Cashflow is a financial metric that represents the inflow and outflow of cash within a specific period. It shows how much money, or cash, a company actually receives and spends. Unlike profit, which includes non-cash revenues and expenses (such as depreciation), Cashflow focuses exclusively on actual cash movements.

Why is Cashflow needed?

Cashflow is a central tool for the financial management of a company. It serves several purposes:

  1. Liquidity analysis: Cashflow provides information on whether a company has enough liquid assets to cover its current liabilities.
  2. Financial planning: Cashflow can better assess and plan the future financial situation of a company.
  3. Investment evaluation: Cashflow helps to assess whether a company is able to invest in new projects, repay loans, or distribute dividends.
  4. Company valuation: Investors and analysts use Cashflow to evaluate the financial health and value creation capability of a company.

 Why Cashflow is so popular for analyzing companies

Cashflow is particularly popular for company analysis because it offers a clear and unadulterated view of a company's financial health. Unlike other metrics that can be affected by accounting tricks or different accounting methods, Cashflow shows the actual cash flows. This makes it a reliable indicator of the company's liquidity and operational efficiency. Moreover, Cashflow reveals a lot about a company's ability to settle debts, invest in growth, and distribute dividends, making it especially valuable for investors.
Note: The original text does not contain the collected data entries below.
Lemma Singer_bract_transitive c1 c2 : c1 \in C :\ 1%g -> c2 \in C :\ 1%g ->
  exists2 s, s \in Sgrp F & bract C c1 s = c2.
Proof.
move=> /setD1P[c1_n1 /Singer_cycleP[k1 c1_k1]] /setD1P[c2_n1 /Singer_cycleP[k2 c2_k2]].
have g1_10 : GLval (g ^+ k1)%g i1 i0 != 0.
  by apply: Singer_bottom_left_neq0; rewrite -c1_k1.
have g2_10 : GLval (g ^+ k2)%g i1 i0 != 0.
  by apply: Singer_bottom_left_neq0; rewrite -c2_k2.
set s := unitri2 (GLval (g ^+ k2)%g i1 i1 / GLval (g ^+ k2)%g i1 i0
                 - GLval (g ^+ k1)%g i1 i1 / GLval (g ^+ k1)%g i1 i0).
have s_unit : s \in unitmx := unitri2_unit _.
exists (proj2 (toGL s)); first by rewrite proj2_Sgrp inE (val_toGL s_unit) unitri2E.
rewrite c1_k1 c2_k2; apply: bract_Singer.
by rewrite GL_MxE (val_toGL s_unit) bottom_cross_unitri2.
Qed.

End SingerCycle.

Theorem mainTheorem3 (F : finFieldType) (mu lam : F) :
  primitive_poly ('X^2 + mu *: 'X + lam%:P) ->
  let xb := proj2 (toGL (companion2 mu lam)) in
  let C := <[xb]>%g in
  {in Ugrp F &, injective (fun u => bract C xb u)} /\
  (forall c1 c2, c1 \in (C :\ 1%g) -> c2 \in (C :\ 1%g) ->
     exists2 s, s \in Sgrp F & bract C c1 s = c2).
Proof.
move=> p_prim xb C; split => [_ _ /imsetP[w1 w1_U ->] /imsetP[w2 w2_U ->] | c1 c2].
  exact: Singer_bract_unipscal_inj.
exact: Singer_bract_transitive.
Qed.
Structure of the cash flow statement according to Art. 961 OR

According to Art. 961 of the Swiss Code of Obligations (OR), the cash flow statement includes the following main areas:

1. Cashflow from operating activities:

This includes all cash receipts and payments resulting from regular business operations. This encompasses income from sales, expenditures for suppliers, wages, and other operating costs.

2. Cashflow from investing activities:

This section includes cash inflows and outflows related to the acquisition and sale of long-term assets such as real estate, machinery, and other fixed assets.

3. Cashflow from financing activities:

This covers financial transactions that affect equity and long-term liabilities. This includes borrowing and repayment of loans, issuance and redemption of shares, and dividend payments.

Conclusion

Cashflow is an essential metric for the financial health of a company. It provides valuable information about liquidity, financial planning, investment opportunities, and the company's overall performance. Through accurate analysis of Cashflow, companies and investors can make informed decisions and better assess financial stability.

For anyone dealing with finances, understanding and analyzing Cashflow is indispensable. Fortunately, there are many templates available online that can help create such a cash flow statement.